48. An apparatus for modifying a data stream of backup data to be provided to a fixed position delta reduction backup method, comprising:
a processor; and
a memory, at least one of the processor or the memory being adapted for:
parsing at least a portion of a data stream into a plurality of data blocks and a plurality of sets of validation bytes, wherein each of the plurality of data blocks corresponds to one of the plurality of sets of validation bytes and wherein each of the plurality of sets of validation bytes includes a signature;
generating one or more modified data streams such that the plurality of data blocks are a first set of contiguous bytes that are separate from a second set of contiguous bytes including the plurality of sets of validation bytes, wherein each of the plurality of sets of validation bytes changes from a backup session to a subsequent backup session independent of whether the contents of the corresponding one of the plurality of data blocks changes from the backup session to the subsequent backup session;
wherein the fixed position delta reduction backup method identifies segments of the first set of contiguous bytes that have changed since a previous backup, wherein each of the segments of the first set of contiguous bytes includes one or more of the plurality of data blocks of the first set of contiguous bytes;
wherein the fixed position delta reduction backup method stores segments of the first set of contiguous bytes that have changed since the previous backup but does not store segments of the first set of contiguous bytes that have not changed since the previous backup; and
providing the one or more modified data streams to the fixed position delta reduction backup method, thereby enabling the fixed position delta reduction backup method to compare the first set of contiguous bytes against corresponding data blocks from a previous backup.
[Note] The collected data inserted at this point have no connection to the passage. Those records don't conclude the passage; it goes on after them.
Definition omega_iterable_from {m : nat} (s : list (transition m)) (v0 : valuation m) : Prop :=
  valid_val v0 /\
  exists (vs : nat -> valuation m) (ds : nat -> R),
    vs 0%nat = v0 /\ forall i : nat, exec (vs i) s (ds (S i)) (vs (S i)).

Definition omega_iterable {m : nat} (s : list (transition m)) : Prop :=
  exists v0, omega_iterable_from s v0.

Definition seq_pow {m : nat} (s : list (transition m)) (n : nat) : list (transition m) :=
  concat (repeat s n).

(* The forward direction takes the first n iterations of an infinite run. For the converse,
   let K bound the constants in the guards of sigma. Region equivalence with respect to K
   (agreement on the tests [x < c], [x <= c] and, for clocks not above K, [x - y < c],
   [x - y <= c], with c <= K) has finitely many classes and is a simulation for executions of
   sigma from valuations with nonnegative clocks. A run of sigma^N with N larger than the number
   of classes visits a class twice, at steps i < j. Every valuation equivalent to the one at step
   i can then replay the loop from i to j and land again in the class of step i, so dependent
   choice yields an infinite run. *)

From Stdlib Require Import Reals List Arith Lia Lra Classical ClassicalEpsilon Relations.
Import ListNotations.
Open Scope R_scope.

Lemma dependent_choice {A : Type} (next : A -> A -> Prop) (P : A -> Prop) (a0 : A) :
  (forall a, P a -> exists b, next a b /\ P b) -> P a0 ->
  exists g : nat -> A, g O = a0 /\ forall n, next (g n) (g (S n)).
Proof.
  intros Hstep Ha0.
  destruct (choice (fun a b => P a -> next a b /\ P b)) as [F HF].
  { intros a. destruct (classic (P a)) as [Ha|Ha].
    - destruct (Hstep a Ha) as [b Hb]. exists b; auto.
    - exists a; contradiction. }
  assert (HP : forall n, P (Nat.iter n F a0)).
  { induction n as [|n IH]; [exact Ha0|apply (HF _ IH)]. }
  exists (fun n => Nat.iter n F a0); split; [reflexivity|].
  intros n; apply (HF _ (HP n)).
Qed.

Section Lasso.
Variables (A : Type) (next : A -> A -> Prop) (inv : A -> Prop) (sim : A -> A -> Prop).
Hypothesis inv_next : forall a b, inv a -> next a b -> inv b.
Hypothesis sim_refl : forall a, sim a a.
Hypothesis sim_trans : forall a b c, sim a b -> sim b c -> sim a c.
Hypothesis sim_next :
  forall a b a', sim a b -> inv a -> next a a' -> exists b', next b b' /\ sim a' b'.

Lemma inv_reach a b : inv a -> clos_refl_trans_1n A next a b -> inv b.
Proof. intros Ha H; induction H; eauto. Qed.

Lemma sim_reach a b a' :
  sim a b -> inv a -> clos_refl_trans_1n A next a a' ->
  exists b', clos_refl_trans_1n A next b b' /\ sim a' b'.
Proof.
  intros Hs Ha H; revert b Hs; induction H as [a|a a1 a' Hn _ IH]; intros b Hs.
  - exists b; split; [constructor|exact Hs].
  - destruct (sim_next _ _ _ Hs Ha Hn) as [b1 [Hb1 Hs1]].
    destruct (IH (inv_next _ _ Ha Hn) b1 Hs1) as [b' [Hb' Hs']].
    exists b'; split; [econstructor; eauto|exact Hs'].
Qed.

Lemma run_of_lasso (f : nat -> A) (i j : nat) :
  (i < j)%nat -> inv (f O) -> (forall k, (k < j)%nat -> next (f k) (f (S k))) ->
  sim (f i) (f j) ->
  exists g : nat -> A, g O = f O /\ forall n, next (g n) (g (S n)).
Proof.
  intros Hij Hinv Hf Hloop.
  assert (Hseg : forall n k, (k + n <= j)%nat -> clos_refl_trans_1n A next (f k) (f (k + n)%nat)).
  { induction n as [|n IH]; intros k Hk.
    - rewrite Nat.add_0_r; constructor.
    - rewrite Nat.add_succ_r, <- Nat.add_succ_l.
      econstructor; [apply Hf; lia|apply IH; lia]. }
  assert (Hinv_i : inv (f i)) by (apply (inv_reach (f O)); [exact Hinv|apply (Hseg i O); lia]).
  apply dependent_choice with
    (P := fun u => exists w, clos_refl_trans_1n A next u w /\ sim (f i) w).
  - intros u [w [Hw Hs]]. destruct Hw as [|u1 w Hu1 Hw].
    + (* [u] sits in the class of [f i]: replay the loop from [f i] to [f j]. *)
      destruct (sim_next _ _ _ Hs Hinv_i (Hf i Hij)) as [u1 [Hu1 Hs1]].
      destruct (sim_reach (f (S i)) u1 (f j) Hs1 (inv_next _ _ Hinv_i (Hf i Hij)))
        as [w' [Hw' Hs']].
      { replace j with (S i + (j - S i))%nat by lia. apply Hseg; lia. }
      exists u1; split; [exact Hu1|exists w'; split; eauto].
    + exists u1; split; [exact Hu1|exists w; split; assumption].
  - exists (f i); split; [apply (Hseg i O); lia|apply sim_refl].
Qed.

End Lasso.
49. The apparatus as recited in claim 48, at least one of the processor or the memory being further adapted for:
providing the one or more modified data streams to a fixed position delta reduction backup application; and
comparing by the fixed position delta reduction backup application each segment of the one or more modified data streams with a corresponding segment of the one or more modified data streams of a previous backup, wherein each segment includes a portion of the first set of contiguous bytes or a portion of the second set of contiguous bytes, wherein a segment does not include both a portion of the first set of contiguous bytes and a portion of the second set of contiguous bytes.
50. The method as recited in claim 49, wherein the fixed position delta reduction backup application only stores segments of the one or more modified data streams that have changed since the previous backup.
51. A computer-readable storage medium storing thereon computer-readable instructions for modifying a data stream of backup data to be provided to a fixed position delta reduction backup method, comprising:
instructions for parsing at least a portion of a data stream into a plurality of data blocks and a plurality of sets of validation bytes, wherein each of the plurality of data blocks corresponds to one of the plurality of sets of validation bytes and wherein each of the plurality of sets of validation bytes includes a signature;
instructions for generating one or more modified data streams such that the plurality of data blocks are a first set of contiguous bytes that are separate from a second set of contiguous bytes including the plurality of sets of validation bytes, wherein each of the plurality of sets of validation bytes changes from a backup session to a subsequent backup session independent of whether the contents of the corresponding one of the plurality of data blocks changes from the backup session to the subsequent backup session;
wherein the fixed position delta reduction backup method identifies segments of the first set of contiguous bytes that have changed since a previous backup, wherein each of the segments of the first set of contiguous bytes includes a different portion of the first set of contiguous bytes;
wherein the fixed position delta reduction backup method stores segments of the first set of contiguous bytes that have changed since the previous backup but does not store segments of the first set of contiguous bytes that have not changed since the previous backup and
providing the one or more modified data streams to the fixed position delta reduction backup method, thereby enabling the fixed position delta reduction backup method to compare the first set of contiguous bytes against corresponding data blocks from a previous backup.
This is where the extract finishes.